Given records:

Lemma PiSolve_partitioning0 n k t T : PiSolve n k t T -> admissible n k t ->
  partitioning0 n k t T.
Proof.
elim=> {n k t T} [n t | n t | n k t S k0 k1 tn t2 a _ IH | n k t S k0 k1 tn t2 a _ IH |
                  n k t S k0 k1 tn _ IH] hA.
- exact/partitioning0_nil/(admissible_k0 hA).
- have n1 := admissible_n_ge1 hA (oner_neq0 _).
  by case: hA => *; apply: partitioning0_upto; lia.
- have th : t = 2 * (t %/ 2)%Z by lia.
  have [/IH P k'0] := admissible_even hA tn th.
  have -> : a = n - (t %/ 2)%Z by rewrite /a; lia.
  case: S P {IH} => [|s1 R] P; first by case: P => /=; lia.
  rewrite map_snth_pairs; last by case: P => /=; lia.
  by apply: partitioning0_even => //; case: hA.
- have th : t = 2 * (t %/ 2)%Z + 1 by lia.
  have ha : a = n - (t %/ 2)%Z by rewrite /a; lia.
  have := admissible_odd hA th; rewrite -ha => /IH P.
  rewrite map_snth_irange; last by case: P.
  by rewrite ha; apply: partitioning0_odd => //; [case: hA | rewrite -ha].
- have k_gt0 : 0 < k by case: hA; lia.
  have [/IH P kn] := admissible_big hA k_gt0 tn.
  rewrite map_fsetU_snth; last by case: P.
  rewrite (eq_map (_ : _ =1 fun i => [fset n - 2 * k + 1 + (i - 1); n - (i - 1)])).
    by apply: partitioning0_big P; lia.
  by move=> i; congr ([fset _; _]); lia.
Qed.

* * *

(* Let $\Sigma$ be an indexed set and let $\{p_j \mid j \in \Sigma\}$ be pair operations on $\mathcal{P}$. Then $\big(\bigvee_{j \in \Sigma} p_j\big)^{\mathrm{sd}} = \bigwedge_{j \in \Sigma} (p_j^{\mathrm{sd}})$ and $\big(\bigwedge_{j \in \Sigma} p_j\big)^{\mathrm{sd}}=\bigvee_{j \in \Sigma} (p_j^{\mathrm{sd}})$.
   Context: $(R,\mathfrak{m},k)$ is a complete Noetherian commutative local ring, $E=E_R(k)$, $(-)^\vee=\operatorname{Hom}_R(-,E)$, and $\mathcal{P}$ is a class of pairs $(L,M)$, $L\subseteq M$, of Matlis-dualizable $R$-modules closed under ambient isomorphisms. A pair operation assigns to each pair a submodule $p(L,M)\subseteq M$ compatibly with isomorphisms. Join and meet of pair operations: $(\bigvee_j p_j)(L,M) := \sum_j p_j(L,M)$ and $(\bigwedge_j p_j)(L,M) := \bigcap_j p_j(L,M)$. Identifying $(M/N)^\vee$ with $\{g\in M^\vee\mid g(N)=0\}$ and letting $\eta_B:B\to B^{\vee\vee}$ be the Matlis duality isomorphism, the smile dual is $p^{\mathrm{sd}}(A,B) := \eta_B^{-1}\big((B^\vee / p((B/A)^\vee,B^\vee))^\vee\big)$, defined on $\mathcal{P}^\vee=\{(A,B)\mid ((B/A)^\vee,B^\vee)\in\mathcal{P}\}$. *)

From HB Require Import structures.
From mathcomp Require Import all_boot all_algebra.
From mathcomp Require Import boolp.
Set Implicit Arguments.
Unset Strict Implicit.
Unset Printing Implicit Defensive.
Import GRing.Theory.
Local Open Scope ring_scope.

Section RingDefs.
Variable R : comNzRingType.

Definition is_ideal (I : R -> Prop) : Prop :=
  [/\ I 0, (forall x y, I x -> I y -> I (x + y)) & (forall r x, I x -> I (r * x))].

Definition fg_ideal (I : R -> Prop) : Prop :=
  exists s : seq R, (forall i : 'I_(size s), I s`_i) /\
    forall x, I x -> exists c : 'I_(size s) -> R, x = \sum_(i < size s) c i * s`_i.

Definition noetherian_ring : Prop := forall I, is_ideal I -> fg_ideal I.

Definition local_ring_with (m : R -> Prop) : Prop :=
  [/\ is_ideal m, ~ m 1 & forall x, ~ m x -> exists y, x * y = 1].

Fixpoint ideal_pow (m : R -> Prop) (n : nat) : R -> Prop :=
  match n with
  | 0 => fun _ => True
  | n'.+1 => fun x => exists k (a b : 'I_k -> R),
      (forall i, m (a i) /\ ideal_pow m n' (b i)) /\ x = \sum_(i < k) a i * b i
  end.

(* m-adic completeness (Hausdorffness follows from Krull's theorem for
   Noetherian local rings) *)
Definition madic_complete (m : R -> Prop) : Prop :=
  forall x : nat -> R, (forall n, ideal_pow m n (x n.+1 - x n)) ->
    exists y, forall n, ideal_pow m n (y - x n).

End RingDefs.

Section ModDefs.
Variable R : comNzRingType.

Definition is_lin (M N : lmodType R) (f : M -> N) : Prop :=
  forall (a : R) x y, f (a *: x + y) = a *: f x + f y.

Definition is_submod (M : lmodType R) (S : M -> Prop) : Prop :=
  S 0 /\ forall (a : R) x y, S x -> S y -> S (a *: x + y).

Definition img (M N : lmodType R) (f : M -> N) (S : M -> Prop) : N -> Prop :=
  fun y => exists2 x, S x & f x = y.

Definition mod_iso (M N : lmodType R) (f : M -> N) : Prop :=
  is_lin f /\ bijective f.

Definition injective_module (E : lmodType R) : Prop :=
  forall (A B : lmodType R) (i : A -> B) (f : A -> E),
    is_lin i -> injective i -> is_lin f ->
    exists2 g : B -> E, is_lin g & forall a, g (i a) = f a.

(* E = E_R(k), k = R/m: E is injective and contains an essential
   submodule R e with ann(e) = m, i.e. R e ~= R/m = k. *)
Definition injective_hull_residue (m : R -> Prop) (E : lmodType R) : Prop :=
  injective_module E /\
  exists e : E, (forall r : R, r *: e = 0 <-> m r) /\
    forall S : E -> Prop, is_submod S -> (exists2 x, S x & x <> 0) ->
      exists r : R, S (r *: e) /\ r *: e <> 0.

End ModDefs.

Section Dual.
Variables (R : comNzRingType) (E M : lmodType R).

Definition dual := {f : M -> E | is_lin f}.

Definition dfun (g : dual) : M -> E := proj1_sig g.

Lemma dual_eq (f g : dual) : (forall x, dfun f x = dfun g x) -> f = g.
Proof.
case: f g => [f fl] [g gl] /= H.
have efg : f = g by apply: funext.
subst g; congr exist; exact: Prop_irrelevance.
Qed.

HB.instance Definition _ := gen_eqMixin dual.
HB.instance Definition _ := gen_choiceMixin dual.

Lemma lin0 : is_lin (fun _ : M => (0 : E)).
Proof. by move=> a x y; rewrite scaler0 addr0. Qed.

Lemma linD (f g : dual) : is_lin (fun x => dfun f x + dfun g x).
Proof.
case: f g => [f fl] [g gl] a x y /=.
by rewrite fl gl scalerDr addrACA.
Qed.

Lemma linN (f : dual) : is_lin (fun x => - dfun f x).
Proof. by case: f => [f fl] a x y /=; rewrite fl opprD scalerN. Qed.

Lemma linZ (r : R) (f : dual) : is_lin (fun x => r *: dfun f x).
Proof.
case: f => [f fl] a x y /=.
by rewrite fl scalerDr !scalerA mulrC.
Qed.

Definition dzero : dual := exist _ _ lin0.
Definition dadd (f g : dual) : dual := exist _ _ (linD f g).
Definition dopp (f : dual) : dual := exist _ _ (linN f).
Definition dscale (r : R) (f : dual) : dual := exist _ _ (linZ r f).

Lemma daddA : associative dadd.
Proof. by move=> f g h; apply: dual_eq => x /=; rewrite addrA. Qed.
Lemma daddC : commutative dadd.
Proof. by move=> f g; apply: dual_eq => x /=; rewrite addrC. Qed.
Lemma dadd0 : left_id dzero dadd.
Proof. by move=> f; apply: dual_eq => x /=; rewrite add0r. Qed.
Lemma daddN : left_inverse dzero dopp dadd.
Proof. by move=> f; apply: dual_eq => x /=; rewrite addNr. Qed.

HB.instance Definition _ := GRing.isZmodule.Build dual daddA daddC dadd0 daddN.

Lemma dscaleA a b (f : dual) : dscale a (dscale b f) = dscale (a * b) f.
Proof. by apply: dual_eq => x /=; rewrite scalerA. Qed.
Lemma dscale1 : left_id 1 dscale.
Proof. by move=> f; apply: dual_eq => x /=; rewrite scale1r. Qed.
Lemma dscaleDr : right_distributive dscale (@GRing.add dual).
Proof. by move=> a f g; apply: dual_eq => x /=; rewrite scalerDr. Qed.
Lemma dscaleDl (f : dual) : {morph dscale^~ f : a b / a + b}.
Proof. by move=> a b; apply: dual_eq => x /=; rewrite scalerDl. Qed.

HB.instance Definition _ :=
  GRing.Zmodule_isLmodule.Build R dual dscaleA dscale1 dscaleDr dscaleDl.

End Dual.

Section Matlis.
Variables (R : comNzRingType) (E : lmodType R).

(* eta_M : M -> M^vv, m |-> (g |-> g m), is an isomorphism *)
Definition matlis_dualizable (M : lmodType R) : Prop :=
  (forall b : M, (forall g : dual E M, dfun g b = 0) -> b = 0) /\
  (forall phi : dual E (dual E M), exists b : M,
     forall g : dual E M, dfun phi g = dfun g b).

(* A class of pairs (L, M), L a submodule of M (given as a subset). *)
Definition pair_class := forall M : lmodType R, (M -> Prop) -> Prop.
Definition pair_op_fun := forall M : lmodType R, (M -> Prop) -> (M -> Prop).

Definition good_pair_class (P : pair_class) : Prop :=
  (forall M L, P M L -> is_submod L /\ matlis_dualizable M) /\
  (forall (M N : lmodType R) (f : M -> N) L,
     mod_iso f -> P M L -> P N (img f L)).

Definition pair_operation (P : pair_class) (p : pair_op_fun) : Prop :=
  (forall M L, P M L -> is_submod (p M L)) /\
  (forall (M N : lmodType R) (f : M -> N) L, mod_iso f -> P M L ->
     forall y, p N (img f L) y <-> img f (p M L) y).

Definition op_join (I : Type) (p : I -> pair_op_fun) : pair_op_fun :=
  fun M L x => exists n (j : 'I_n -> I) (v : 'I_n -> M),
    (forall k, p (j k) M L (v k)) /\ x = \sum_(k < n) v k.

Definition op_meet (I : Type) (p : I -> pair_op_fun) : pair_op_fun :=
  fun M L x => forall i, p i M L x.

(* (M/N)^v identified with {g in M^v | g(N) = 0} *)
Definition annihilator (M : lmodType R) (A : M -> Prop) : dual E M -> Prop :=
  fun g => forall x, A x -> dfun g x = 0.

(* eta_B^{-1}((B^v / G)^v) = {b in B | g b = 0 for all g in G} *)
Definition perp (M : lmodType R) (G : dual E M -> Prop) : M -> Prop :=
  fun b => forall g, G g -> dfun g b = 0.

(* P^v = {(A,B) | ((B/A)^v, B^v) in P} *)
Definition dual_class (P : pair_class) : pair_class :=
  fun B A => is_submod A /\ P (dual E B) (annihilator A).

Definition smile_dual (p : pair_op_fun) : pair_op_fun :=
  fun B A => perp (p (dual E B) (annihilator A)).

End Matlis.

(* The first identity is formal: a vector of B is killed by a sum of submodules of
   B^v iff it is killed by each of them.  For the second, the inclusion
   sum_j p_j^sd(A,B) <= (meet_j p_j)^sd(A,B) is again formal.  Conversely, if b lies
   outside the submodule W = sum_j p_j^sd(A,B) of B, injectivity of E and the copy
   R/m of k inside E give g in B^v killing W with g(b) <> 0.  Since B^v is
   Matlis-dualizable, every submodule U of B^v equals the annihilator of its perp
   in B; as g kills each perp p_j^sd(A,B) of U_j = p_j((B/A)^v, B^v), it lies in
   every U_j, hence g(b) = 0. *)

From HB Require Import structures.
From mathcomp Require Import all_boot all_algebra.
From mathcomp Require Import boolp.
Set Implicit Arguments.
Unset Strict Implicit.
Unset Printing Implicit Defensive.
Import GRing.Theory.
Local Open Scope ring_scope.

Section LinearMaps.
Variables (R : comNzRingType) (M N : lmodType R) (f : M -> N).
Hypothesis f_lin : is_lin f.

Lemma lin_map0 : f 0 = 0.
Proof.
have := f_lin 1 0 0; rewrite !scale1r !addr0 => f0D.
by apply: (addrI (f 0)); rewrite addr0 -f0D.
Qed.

Brief:
Find the word "daddA" in the entries above. Copy every line that has it.

Exercise answer:
Lemma daddA : associative dadd.
HB.instance Definition _ := GRing.isZmodule.Build dual daddA daddC dadd0 daddN.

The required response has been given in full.